After removing records younger than 13 and older than 80 years of age, the minimum and maximum values for the age field is in line with expectations. The mean, standard deviation, and percentiles for the age, age_range_id, and gender fields were only fractionally impacted and indicated only a small percentage of data was removed — 2,421 records or about 2%.

Now that we understood our data a little better, we wanted to visually explore how our data was distributed across the age range and gender labels. While the Pandas library comes equipped with a graph capability, Pandas generates histograms that are often difficult to discern from the lack of labels on the axises and data groups. We also wanted to share this data with our business team. As a compromise Pandas was used to generate counts by data group and the charting capabilities of Google Docs was used to generate bar charts.

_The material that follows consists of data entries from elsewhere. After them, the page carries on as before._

(* Coefficient field: rational functions Q(tau, q), containing the
   Laurent polynomial ring Q[tau^{+-1}, q^{+-1}].  Inner variable = tau,
   outer variable = q. *)
Definition R2 : idomainType := {poly {poly rat}}.
Definition K : fieldType := {fraction R2}.

Definition tau : K := tofrac ((('X : {poly rat})%:P) : R2).
Definition qv : K := tofrac ('X : R2).
Definition tt : K := tau ^+ 2.

(* Formal power series in u over K, as coefficient sequences. *)
Definition fps := nat -> K.
Definition fps_one : fps := fun m => (m == 0)%:R.
Definition fps_mul (a b : fps) : fps :=
  fun m => \sum_(i < m.+1) a i * b (m - i)%N.
Definition fps_prod (s : seq fps) : fps := foldr fps_mul fps_one s.

(* geom c n = 1 / (1 - c u^n) = sum_k c^k u^(n k), for n >= 1. *)
Definition geom (c : K) (n : nat) : fps :=
  fun m => if (n %| m)%N then c ^+ (m %/ n) else 0.

Definition factor (n : nat) : seq fps :=
  [:: geom (- (tau^-1 * qv)) n; geom (- (tau * qv^-1)) n;
      geom (- (tau * qv)) n; geom (- (tau^-1 * qv^-1)) n]
  ++ nseq 18 (geom 1 n) ++ [:: geom tt n; geom tt^-1 n].

(* Coefficient of u^h in the infinite product over n >= 1: factors with
   n > h are congruent to 1 mod u^(h+1), so it equals the coefficient of
   u^h in the finite product over 1 <= n <= h. *)
Definition prod_coef (h : nat) : K :=
  fps_prod (flatten [seq factor n | n <- iota 1 h]) h.

(* Laurent polynomials in tau over Q: (p, k) represents tau^{-k} p(tau). *)
Definition laurent := ({poly rat} * nat)%type.
Definition leval (l : laurent) (x : K) : K :=
  x ^- l.2 * (map_poly ratr l.1).[x].
Definition lsym (l : laurent) : Prop := leval l tau = leval l tau^-1.

(* The reciprocal of the product is prod_(n >= 1) D(u^n), where D is a polynomial
   whose 24 roots come in pairs c, c^-1 (grouping the four q-factors together).
   Hence D is a product of palindromic polynomials, and the coefficient of u^m
   in D is a polynomial of degree at most m in y = q^-1 + [2]_t + q with
   coefficients in Q[[2]_t].  This degree condition on the coefficients of u^m
   is stable under products and under inversion of series with constant term 1,
   by the recursive formula for the inverse.  Finally a polynomial in
   [2]_t = tau + tau^-1 is a Laurent polynomial in tau invariant under
   tau -> tau^-1. *)

From HB Require Import structures.
From mathcomp Require Import all_boot all_order all_algebra fraction.
From mathcomp Require Import ring zify.
Import Order.TTheory GRing.Theory Num.Theory.
Set Implicit Arguments.
Unset Strict Implicit.
Unset Printing Implicit Defensive.
Local Open Scope ring_scope.

Definition inK : {rmorphism rat -> K} :=
  (@tofrac R2) \o (@polyC {poly rat}) \o (@polyC rat).

Definition br2 : K := tau + tau^-1.
Definition yv : K := qv^-1 + br2 + qv.

Lemma tau_neq0 : tau != 0.
Proof. by rewrite tofrac_eq0 polyC_eq0 polyX_eq0. Qed.

Lemma qv_neq0 : qv != 0.
Proof. by rewrite tofrac_eq0 polyX_eq0. Qed.

Lemma levalE (l : laurent) (x : K) : leval l x = x ^- l.2 * (map_poly inK l.1).[x].
Proof. by rewrite /leval (eq_map_poly (fmorph_eq_rat inK)). Qed.

(* Horner's scheme: the step (r, k) |-> (r (X^2 + 1) + c X^(k+1), k + 1) turns a
   representative of a(tau + tau^-1) into one of a(tau + tau^-1) (tau + tau^-1) + c. *)
Definition laurent_of_br2 (p : {poly rat}) : laurent :=
  foldr (fun (c : rat) (l : laurent) => (l.1 * ('X^2 + 1) + c *: 'X^(l.2.+1), l.2.+1))
    (0, 0%N) p.

Lemma horner_laurent_of_br2 (F : fieldType) (f : {rmorphism rat -> F})
    (p : {poly rat}) (x : F) : x != 0 ->
  x ^- (laurent_of_br2 p).2 * (map_poly f (laurent_of_br2 p).1).[x] =
  (map_poly f p).[x + x^-1].
Proof.
move=> x0; rewrite -[in RHS](polyseqK p) /laurent_of_br2.
elim: (polyseq p) => [|c s IH] /=; first by rewrite !rmorph0 !horner0 mulr0.
move: IH; case: foldr => r k /= IH; rewrite cons_poly_def.
rewrite !(rmorphD, rmorphM, rmorph1) /= map_polyX map_polyC map_polyZ map_polyXn.
rewrite !(hornerD, hornerM, hornerZ, hornerX, hornerC, hornerXn) -IH.
have xk0 : x ^+ k != 0 by rewrite expf_neq0.
rewrite exprS; field; by rewrite x0 xk0.
Qed.

Lemma leval_laurent_of_br2 (p : {poly rat}) (x : K) : x != 0 ->
  leval (laurent_of_br2 p) x = (map_poly inK p).[x + x^-1].
Proof. by move=> x0; rewrite levalE horner_laurent_of_br2. Qed.

Lemma lsym_laurent_of_br2 (p : {poly rat}) : lsym (laurent_of_br2 p).
Proof.
rewrite /lsym !leval_laurent_of_br2 ?invr_eq0 ?tau_neq0 //.
by rewrite invrK addrC.
Qed.

Definition sym_eval : {rmorphism {poly rat} -> K} :=
  horner_eval br2 \o map_poly inK.

Lemma sym_evalE (p : {poly rat}) : sym_eval p = (map_poly inK p).[br2].
Proof. by []. Qed.

Lemma sym_eval_laurent (p : {poly rat}) :
  sym_eval p = leval (laurent_of_br2 p) tau.
Proof. by rewrite leval_laurent_of_br2 ?tau_neq0. Qed.

Definition yeval : {rmorphism {poly {poly rat}} -> K} :=
  horner_eval yv \o map_poly sym_eval.

Lemma yevalE (P : {poly {poly rat}}) : yeval P = (map_poly sym_eval P).[yv].
Proof. by []. Qed.

Definition ydeg_le (m : nat) (x : K) :=
  exists2 P : {poly {poly rat}}, (size P <= m.+1)%N & x = yeval P.

Lemma ydeg_leW m n x : (m <= n)%N -> ydeg_le m x -> ydeg_le n x.
Proof. by move=> le_mn [P sP ->]; exists P => //; lia. Qed.

Lemma ydeg_le_sym (p : {poly rat}) : ydeg_le 0 (sym_eval p).
Proof.
exists p%:P; first exact: size_polyC_leq1.
by rewrite yevalE map_polyC hornerC.
Qed.

Lemma ydeg_le_nat m n : ydeg_le m n%:R.
Proof. by apply: (ydeg_leW (leq0n m)); rewrite -(rmorph_nat sym_eval); apply: ydeg_le_sym. Qed.

Lemma ydeg_le_br2 : ydeg_le 0 br2.
Proof. by have := ydeg_le_sym 'X; rewrite sym_evalE map_polyX hornerX. Qed.

Lemma ydeg_le_yv : ydeg_le 1 yv.
Proof. by exists 'X; rewrite ?size_polyX // yevalE map_polyX hornerX. Qed.

Lemma ydeg_leD m x z : ydeg_le m x -> ydeg_le m z -> ydeg_le m (x + z).
Proof.
move=> [P sP ->] [Q sQ ->]; exists (P + Q); last by rewrite rmorphD.
by apply: leq_trans (size_add _ _) _; rewrite geq_max sP.
Qed.

Lemma ydeg_leN m x : ydeg_le m x -> ydeg_le m (- x).
Proof. by move=> [P sP ->]; exists (- P); rewrite ?size_opp ?rmorphN. Qed.

Lemma ydeg_leB m x z : ydeg_le m x -> ydeg_le m z -> ydeg_le m (x - z).
Proof. by move=> hx hz; apply: ydeg_leD hx (ydeg_leN hz). Qed.

Lemma ydeg_leM m n x z : ydeg_le m x -> ydeg_le n z -> ydeg_le (m + n) (x * z).
Proof.
move=> [P sP ->] [Q sQ ->]; exists (P * Q); last by rewrite rmorphM.
by apply: leq_trans (size_polyMleq _ _) _; lia.
Qed.

Lemma ydeg_le_sum m I (r : seq I) (P : pred I) (F : I -> K) :
  (forall i, P i -> ydeg_le m (F i)) -> ydeg_le m (\sum_(i <- r | P i) F i).
Proof. by move=> hF; apply: big_ind => //; [exact: (ydeg_le_nat m 0) | apply: ydeg_leD]. Qed.

Lemma ydeg_le_qsym : ydeg_le 1 (qv + qv^-1).
Proof.
have -> : qv + qv^-1 = yv - br2 by rewrite /yv; ring.
exact: ydeg_leB ydeg_le_yv (ydeg_leW (leq0n 1) ydeg_le_br2).
Qed.

Definition eqmodX (N : nat) (p r : {poly K}) := forall m, (m <= N)%N -> p`_m = r`_m.

Lemma eqmodXM N p p' r r' :
  eqmodX N p p' -> eqmodX N r r' -> eqmodX N (p * r) (p' * r').
Proof.
move=> hp hr m hm; rewrite !coefM; apply: eq_bigr => i _.
have lt_im := ltn_ord i.
by rewrite hp ?hr //; lia.
Qed.

Lemma eqmodX_prod1 N I (r : seq I) (P : pred I) (F : I -> {poly K}) :
  (forall i, P i -> eqmodX N (F i) 1) -> eqmodX N (\prod_(i <- r | P i) F i) 1.
Proof.
move=> hF; apply: (big_ind (fun p => eqmodX N p 1)) => // p p' hp hp'.
by rewrite -(mulr1 1); apply: eqmodXM.
Qed.

Definition graded (N : nat) (p : {poly K}) := forall m, (m <= N)%N -> ydeg_le m p`_m.

Section Graded.
Variable N : nat.

Lemma graded_scaleXn (k : nat) (c : K) : ydeg_le k c -> graded N (c *: 'X^k).
Proof.
move=> hc m _; rewrite coefZ coefXn; case: eqP => [-> | _].
  by rewrite mulr1.
by rewrite mulr0; exact: (ydeg_le_nat m 0).
Qed.

Lemma graded_Xn (k : nat) : graded N 'X^k.
Proof. by rewrite -[_ ^+ _]scale1r; apply: graded_scaleXn; exact: (ydeg_le_nat k 1). Qed.

Lemma graded1 : graded N 1.
Proof. by rewrite -(expr0 'X); apply: graded_Xn. Qed.

Lemma gradedD p r : graded N p -> graded N r -> graded N (p + r).
Proof. by move=> hp hr m hm; rewrite coefD; apply: ydeg_leD; [apply: hp | apply: hr]. Qed.

Lemma gradedB p r : graded N p -> graded N r -> graded N (p - r).
Proof. by move=> hp hr m hm; rewrite coefB; apply: ydeg_leB; [apply: hp | apply: hr]. Qed.

Lemma gradedM p r : graded N p -> graded N r -> graded N (p * r).
Proof.
move=> hp hr m hm; rewrite coefM; apply: ydeg_le_sum => i _.
have le_im := ltn_ord i.
apply: (@ydeg_leW (i + (m - i))); first lia.
by apply: ydeg_leM; [apply: hp | apply: hr]; lia.
Qed.

Lemma graded_prod I (r : seq I) (P : pred I) (F : I -> {poly K}) :
  (forall i, P i -> graded N (F i)) -> graded N (\prod_(i <- r | P i) F i).
Proof. by move=> hF; apply: big_ind => //; [apply: graded1 | apply: gradedM]. Qed.

Lemma gradedX p k : graded N p -> graded N (p ^+ k).
Proof. by move=> hp; elim: k => [|k IH]; [apply: graded1 | rewrite exprS; apply: gradedM]. Qed.

Lemma graded_comp_Xn p n : (0 < n)%N -> graded N p -> graded N (p \Po 'X^n).
Proof.
move=> n_gt0 hp m hm; rewrite coef_comp_poly_Xn //.
case: ifP => [/dvdnP [k def_m] | _]; last exact: (ydeg_le_nat m 0).
rewrite def_m mulnK //; apply: (@ydeg_leW k); [nia | apply: hp; nia].
Qed.

Lemma graded_inv F D : graded N D -> D`_0 = 1 -> eqmodX N (F * D) 1 -> graded N F.
Proof.
move=> hD D0 hFD; elim/ltn_ind => m IH hm.
have := hFD m hm; rewrite coef1 coefM big_ord_recr /= subnn D0 mulr1.
move/(canRL (addKr _)) ->; apply: ydeg_leD; last exact: ydeg_le_nat.
apply/ydeg_leN/ydeg_le_sum => i _; have lt_im := ltn_ord i.
apply: (@ydeg_leW (i + (m - i))); first lia.
by apply: ydeg_leM; [apply: IH | apply: hD]; lia.
Qed.

End Graded.

Definition palin2 (R : nzRingType) (s : R) : {poly R} := 1 - s *: 'X + 'X^2.
Definition palin4 (R : nzRingType) (e f : R) : {poly R} :=
  1 - e *: 'X + f *: 'X^2 - e *: 'X^3 + 'X^4.

Lemma palin2_pair (F : fieldType) (c : F) : c != 0 ->
  (1 - c *: 'X) * (1 - c^-1 *: 'X) = palin2 (c + c^-1).
Proof.
move=> c0; have cc : c%:P * c^-1%:P = 1 :> {poly F} by rewrite -polyCM mulfV.
by rewrite /palin2 -!mul_polyC rmorphD; ring: cc.
Qed.

Lemma palin2M (R : comNzRingType) (a b : R) :
  palin2 a * palin2 b = palin4 (a + b) (a * b + 2).
Proof. by rewrite /palin2 /palin4 -!mul_polyC !(rmorphD, rmorphM, rmorph1); ring. Qed.

Lemma graded_palin2 N s : ydeg_le 1 s -> graded N (palin2 s).
Proof.
move=> hs; apply: gradedD; last exact: graded_Xn.
by apply: gradedB; [apply: graded1 | apply: (@graded_scaleXn N 1)].
Qed.

Lemma graded_palin4 N e f : ydeg_le 1 e -> ydeg_le 2 f -> graded N (palin4 e f).
Proof.
move=> he hf; apply: gradedD; last exact: graded_Xn.
apply: gradedB; last by apply: graded_scaleXn; apply: (ydeg_leW _ he).
apply: gradedD; last exact: graded_scaleXn.
by apply: gradedB; [apply: graded1 | apply: (@graded_scaleXn N 1)].
Qed.

Lemma prod_pair_ones (R : comNzRingType) (k : nat) :
  \prod_(c <- nseq k.*2 (1 : R)) (1 - c *: 'X) = palin2 2 ^+ k.
Proof.
rewrite big_nseq iter_mulr_1 scale1r -mul2n exprM.
by congr (_ ^+ _); rewrite /palin2 scaler_nat; ring.
Qed.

Generating counts for a group of data is easily accomplished by combining Pandas DataFrame.groupby() and DataFrame.count() functions. Since these functions produce a Pandas Series object we used the Pandas Series.to_frame() function to convert the series to a DataFrame and then assigned the column of aggregated values to the column name of count. We could then iterate through the records, perform a Label name lookup and then print each row’s values in a format we could use in Google Docs.

Let’s look at the distribution results for gender.

Female 63525
Male 68552

We used the output above to generate the Google Docs Chart below:

The distribution of images by gender are almost balanced (48% for females and 52% for males), and this close distribution should give a high level of gender prediction accuracy from our model.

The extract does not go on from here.